= WHAT YOU SHOULD DO =
Once the line with "have v_uc i : v i = u i + c %[mod p]." is found in the entries below, repeat it and each following line exactly, up to and including the line with "by apply: eq_of_residues_eq". Add no other lines.

----- SUPPLIED RECORDS -----

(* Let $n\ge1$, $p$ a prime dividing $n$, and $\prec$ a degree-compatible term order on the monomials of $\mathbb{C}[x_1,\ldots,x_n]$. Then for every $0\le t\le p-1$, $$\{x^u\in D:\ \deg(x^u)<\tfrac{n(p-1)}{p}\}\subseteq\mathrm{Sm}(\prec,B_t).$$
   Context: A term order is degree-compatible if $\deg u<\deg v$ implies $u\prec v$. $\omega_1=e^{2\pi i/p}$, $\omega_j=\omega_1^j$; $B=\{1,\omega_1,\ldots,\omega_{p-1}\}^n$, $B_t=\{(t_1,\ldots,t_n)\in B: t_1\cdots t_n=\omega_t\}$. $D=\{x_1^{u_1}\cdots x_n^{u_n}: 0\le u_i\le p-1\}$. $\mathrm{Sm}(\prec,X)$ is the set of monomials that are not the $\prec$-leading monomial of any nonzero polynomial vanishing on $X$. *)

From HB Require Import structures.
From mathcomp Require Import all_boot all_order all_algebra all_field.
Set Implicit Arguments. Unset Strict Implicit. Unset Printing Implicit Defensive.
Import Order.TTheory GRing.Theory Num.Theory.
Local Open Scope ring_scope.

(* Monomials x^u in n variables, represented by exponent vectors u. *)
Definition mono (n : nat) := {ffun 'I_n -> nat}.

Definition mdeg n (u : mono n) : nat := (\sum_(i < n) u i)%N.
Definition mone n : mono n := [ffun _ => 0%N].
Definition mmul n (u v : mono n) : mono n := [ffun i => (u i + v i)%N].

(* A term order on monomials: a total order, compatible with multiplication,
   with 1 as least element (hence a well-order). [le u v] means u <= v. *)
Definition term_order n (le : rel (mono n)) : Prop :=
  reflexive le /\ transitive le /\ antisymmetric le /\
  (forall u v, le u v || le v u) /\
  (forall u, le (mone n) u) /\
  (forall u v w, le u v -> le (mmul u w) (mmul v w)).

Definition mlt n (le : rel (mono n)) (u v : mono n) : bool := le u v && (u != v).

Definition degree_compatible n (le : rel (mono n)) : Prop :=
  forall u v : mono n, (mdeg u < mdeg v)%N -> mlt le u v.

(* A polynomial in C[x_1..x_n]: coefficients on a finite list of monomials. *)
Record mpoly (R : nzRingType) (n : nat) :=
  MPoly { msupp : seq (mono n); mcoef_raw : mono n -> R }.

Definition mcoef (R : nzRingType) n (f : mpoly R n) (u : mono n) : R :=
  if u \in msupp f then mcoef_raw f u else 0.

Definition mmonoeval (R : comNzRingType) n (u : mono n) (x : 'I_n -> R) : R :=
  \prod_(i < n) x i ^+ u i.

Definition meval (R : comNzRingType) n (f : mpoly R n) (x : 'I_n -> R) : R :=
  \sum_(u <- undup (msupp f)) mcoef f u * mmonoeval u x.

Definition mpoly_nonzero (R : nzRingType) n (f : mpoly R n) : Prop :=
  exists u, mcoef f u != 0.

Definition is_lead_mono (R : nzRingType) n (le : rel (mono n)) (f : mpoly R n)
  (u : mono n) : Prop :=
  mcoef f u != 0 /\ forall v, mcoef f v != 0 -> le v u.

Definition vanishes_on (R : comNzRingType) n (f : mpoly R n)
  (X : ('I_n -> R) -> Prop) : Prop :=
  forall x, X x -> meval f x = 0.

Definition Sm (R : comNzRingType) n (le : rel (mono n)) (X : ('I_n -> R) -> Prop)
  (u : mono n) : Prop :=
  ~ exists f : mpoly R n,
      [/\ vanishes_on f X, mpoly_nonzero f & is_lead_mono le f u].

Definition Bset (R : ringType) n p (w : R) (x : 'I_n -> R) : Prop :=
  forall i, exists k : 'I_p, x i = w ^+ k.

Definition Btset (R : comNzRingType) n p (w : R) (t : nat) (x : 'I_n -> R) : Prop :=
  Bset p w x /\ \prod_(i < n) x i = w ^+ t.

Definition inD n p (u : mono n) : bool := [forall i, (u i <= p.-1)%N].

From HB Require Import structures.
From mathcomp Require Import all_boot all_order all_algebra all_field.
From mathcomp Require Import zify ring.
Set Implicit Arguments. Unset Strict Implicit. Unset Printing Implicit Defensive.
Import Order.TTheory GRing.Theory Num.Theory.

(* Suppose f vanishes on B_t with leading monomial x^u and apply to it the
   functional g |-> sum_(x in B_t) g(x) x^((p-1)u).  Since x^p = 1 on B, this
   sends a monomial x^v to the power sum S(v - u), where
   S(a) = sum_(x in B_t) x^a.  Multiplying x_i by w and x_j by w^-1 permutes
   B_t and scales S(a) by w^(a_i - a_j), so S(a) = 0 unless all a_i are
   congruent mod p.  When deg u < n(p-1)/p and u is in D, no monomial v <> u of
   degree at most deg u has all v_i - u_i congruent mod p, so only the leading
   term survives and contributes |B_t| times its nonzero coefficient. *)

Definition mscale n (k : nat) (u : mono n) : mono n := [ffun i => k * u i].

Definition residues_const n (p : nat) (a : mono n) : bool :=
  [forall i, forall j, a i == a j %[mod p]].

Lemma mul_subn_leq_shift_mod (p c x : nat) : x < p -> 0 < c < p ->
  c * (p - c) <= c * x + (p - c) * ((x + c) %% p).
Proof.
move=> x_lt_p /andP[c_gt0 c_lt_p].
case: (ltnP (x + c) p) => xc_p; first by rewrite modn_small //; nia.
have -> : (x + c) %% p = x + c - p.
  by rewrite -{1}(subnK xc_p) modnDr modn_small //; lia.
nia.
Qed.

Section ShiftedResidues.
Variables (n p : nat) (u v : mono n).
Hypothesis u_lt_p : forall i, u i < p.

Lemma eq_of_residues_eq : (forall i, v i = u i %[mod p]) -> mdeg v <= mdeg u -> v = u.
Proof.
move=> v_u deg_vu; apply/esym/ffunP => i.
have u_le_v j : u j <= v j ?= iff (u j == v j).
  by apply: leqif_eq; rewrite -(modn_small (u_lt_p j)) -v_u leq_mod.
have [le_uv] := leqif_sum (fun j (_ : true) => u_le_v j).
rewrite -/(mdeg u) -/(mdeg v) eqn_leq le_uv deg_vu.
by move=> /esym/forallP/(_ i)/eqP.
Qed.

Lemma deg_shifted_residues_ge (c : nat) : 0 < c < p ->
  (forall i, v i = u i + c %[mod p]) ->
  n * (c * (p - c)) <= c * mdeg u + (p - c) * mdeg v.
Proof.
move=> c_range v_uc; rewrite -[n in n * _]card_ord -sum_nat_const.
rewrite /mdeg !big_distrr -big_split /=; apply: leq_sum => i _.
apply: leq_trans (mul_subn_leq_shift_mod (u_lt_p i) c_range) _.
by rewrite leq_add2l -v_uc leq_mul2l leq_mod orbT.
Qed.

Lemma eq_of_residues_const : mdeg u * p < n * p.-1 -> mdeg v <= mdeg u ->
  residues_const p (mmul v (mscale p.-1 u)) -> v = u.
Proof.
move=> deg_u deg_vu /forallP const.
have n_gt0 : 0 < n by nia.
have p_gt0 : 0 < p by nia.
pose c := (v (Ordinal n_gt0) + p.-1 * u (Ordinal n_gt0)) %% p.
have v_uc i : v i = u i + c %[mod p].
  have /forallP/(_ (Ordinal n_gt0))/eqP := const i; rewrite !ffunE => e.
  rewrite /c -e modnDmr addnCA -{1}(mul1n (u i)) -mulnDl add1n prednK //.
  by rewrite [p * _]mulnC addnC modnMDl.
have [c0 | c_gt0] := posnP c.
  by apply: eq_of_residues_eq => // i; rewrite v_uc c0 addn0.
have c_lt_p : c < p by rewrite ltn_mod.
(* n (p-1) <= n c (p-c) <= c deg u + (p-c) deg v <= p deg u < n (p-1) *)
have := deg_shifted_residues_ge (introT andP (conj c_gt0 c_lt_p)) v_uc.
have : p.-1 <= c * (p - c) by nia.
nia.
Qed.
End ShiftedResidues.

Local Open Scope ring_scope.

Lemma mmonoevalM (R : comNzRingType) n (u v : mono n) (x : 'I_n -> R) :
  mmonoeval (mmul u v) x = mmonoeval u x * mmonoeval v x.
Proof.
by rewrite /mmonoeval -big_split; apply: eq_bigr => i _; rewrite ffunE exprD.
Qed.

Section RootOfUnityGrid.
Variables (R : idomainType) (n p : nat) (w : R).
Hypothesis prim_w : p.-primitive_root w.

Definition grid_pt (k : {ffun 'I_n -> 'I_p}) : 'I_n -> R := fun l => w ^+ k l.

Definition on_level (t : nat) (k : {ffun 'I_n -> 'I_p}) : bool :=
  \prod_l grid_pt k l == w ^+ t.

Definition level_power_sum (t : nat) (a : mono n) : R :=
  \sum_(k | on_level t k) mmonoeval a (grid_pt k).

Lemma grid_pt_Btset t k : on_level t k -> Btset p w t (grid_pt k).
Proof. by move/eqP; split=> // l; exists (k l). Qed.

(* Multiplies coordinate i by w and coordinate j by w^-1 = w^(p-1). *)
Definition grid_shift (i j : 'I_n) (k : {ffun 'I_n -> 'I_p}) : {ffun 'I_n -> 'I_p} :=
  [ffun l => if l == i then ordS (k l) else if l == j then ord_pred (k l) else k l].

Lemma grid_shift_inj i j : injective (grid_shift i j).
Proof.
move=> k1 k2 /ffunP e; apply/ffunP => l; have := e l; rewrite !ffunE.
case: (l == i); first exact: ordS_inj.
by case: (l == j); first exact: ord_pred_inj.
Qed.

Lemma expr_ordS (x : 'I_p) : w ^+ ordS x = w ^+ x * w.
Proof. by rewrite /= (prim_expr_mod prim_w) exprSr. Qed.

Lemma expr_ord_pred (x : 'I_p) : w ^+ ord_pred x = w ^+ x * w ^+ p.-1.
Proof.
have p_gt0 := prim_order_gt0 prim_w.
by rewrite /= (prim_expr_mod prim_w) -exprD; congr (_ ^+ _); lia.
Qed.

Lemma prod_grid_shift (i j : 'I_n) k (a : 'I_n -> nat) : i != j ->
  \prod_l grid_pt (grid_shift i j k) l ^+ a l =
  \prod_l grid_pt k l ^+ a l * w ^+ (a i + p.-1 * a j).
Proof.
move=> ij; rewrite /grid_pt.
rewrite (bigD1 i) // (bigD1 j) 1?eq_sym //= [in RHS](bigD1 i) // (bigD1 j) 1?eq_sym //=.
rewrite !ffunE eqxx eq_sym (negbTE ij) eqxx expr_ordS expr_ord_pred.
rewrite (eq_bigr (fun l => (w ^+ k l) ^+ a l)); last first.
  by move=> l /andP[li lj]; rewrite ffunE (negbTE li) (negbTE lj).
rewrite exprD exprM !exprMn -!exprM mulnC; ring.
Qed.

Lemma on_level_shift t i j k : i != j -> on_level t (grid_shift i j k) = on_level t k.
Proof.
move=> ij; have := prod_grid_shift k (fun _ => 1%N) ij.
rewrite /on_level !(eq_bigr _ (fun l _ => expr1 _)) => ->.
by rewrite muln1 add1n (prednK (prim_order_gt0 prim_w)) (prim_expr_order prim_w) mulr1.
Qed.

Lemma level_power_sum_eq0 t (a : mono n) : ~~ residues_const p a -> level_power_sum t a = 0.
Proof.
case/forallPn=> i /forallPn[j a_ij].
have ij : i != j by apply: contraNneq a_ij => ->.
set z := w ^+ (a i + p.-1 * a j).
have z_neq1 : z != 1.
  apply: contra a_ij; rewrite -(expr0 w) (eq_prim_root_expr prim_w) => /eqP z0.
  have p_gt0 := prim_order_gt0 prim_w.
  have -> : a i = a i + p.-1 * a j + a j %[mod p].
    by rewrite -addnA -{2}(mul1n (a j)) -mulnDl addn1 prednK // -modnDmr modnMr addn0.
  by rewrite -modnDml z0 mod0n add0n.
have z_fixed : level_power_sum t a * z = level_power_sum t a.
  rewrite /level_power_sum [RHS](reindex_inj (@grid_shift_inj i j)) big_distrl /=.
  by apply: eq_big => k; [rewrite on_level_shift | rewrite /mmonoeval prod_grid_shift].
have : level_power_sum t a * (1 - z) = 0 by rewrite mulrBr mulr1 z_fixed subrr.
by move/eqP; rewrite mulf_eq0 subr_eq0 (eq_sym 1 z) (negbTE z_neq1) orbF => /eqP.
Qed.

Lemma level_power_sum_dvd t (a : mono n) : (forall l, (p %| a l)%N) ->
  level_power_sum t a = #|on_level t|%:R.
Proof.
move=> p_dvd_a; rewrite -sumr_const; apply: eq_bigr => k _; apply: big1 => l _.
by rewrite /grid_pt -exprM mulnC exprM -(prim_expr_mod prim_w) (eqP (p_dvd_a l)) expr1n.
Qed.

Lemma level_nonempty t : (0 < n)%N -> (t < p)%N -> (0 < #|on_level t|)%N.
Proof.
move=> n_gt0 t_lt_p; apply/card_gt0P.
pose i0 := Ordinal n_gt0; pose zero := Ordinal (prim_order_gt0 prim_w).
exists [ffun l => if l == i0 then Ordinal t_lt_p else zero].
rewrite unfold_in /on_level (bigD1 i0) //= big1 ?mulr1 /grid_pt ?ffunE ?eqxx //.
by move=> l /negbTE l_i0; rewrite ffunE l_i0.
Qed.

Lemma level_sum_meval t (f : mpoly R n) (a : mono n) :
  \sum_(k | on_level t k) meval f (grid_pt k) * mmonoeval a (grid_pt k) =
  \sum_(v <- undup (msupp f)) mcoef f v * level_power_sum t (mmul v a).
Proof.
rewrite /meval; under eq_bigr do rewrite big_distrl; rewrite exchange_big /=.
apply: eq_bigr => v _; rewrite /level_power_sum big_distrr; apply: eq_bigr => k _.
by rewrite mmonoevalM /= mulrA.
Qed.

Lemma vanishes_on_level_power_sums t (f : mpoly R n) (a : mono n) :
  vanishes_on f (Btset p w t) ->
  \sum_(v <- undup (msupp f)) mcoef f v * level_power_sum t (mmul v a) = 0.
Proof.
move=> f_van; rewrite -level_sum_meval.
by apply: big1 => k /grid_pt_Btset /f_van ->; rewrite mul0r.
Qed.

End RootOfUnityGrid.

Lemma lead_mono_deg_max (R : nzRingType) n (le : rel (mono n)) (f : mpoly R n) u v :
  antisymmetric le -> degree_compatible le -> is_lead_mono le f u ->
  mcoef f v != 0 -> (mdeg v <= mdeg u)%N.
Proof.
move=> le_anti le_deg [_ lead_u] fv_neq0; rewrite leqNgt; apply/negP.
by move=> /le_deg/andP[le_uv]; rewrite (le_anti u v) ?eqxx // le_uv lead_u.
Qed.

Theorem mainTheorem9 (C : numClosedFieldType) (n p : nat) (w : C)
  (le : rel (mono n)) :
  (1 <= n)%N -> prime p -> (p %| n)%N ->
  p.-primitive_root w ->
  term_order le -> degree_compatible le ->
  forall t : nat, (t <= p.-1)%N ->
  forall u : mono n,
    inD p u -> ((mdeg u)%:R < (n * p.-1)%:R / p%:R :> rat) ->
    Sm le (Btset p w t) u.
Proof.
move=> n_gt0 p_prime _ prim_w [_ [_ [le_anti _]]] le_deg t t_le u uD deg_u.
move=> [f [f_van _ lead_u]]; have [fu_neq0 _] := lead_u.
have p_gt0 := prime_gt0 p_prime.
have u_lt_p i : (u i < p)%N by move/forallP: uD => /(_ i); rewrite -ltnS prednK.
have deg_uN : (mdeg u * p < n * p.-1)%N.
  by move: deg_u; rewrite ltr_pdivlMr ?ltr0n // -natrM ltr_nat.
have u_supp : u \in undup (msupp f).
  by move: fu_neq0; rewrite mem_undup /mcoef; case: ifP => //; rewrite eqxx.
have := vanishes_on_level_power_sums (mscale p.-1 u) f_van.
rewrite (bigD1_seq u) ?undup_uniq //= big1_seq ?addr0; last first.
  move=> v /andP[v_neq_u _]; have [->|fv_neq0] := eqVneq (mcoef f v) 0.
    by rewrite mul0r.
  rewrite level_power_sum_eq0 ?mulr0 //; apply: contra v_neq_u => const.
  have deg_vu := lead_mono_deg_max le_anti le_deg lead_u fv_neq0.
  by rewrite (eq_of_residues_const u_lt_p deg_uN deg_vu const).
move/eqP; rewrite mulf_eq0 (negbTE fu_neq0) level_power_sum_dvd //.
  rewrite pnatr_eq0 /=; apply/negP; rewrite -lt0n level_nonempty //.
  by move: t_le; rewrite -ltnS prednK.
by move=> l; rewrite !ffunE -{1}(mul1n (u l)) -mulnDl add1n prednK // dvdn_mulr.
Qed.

-----
----- SUPPLIED RECORDS -----

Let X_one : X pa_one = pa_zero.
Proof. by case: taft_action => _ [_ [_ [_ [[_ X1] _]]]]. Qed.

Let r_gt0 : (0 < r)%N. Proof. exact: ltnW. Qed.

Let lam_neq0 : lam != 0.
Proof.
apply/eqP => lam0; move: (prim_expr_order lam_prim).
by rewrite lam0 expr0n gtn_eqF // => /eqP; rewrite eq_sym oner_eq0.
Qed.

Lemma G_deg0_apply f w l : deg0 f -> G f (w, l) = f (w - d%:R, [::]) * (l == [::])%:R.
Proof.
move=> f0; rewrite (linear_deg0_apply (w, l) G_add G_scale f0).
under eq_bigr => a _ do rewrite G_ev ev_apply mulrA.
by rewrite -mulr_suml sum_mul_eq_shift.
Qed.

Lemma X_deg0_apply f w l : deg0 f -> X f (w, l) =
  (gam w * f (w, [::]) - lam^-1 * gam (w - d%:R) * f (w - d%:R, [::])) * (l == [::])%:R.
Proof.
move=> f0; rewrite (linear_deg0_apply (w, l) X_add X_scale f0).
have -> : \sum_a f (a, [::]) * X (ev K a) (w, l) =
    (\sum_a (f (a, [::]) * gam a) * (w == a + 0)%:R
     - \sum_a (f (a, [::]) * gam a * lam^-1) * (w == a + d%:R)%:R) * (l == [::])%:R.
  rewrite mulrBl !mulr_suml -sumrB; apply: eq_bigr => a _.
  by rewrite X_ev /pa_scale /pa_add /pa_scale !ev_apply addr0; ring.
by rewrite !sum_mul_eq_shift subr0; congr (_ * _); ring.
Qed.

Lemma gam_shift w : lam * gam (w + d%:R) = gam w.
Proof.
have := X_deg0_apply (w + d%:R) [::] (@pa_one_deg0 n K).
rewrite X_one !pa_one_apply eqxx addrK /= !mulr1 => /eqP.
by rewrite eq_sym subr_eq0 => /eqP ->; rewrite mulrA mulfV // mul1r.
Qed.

-----

= RESULT BELOW =
have v_uc i : v i = u i + c %[mod p].
  have /forallP/(_ (Ordinal n_gt0))/eqP := const i; rewrite !ffunE => e.
  rewrite /c -e modnDmr addnCA -{1}(mul1n (u i)) -mulnDl add1n prednK //.
  by rewrite [p * _]mulnC addnC modnMDl.
have [c0 | c_gt0] := posnP c.
  by apply: eq_of_residues_eq => // i; rewrite v_uc c0 addn0.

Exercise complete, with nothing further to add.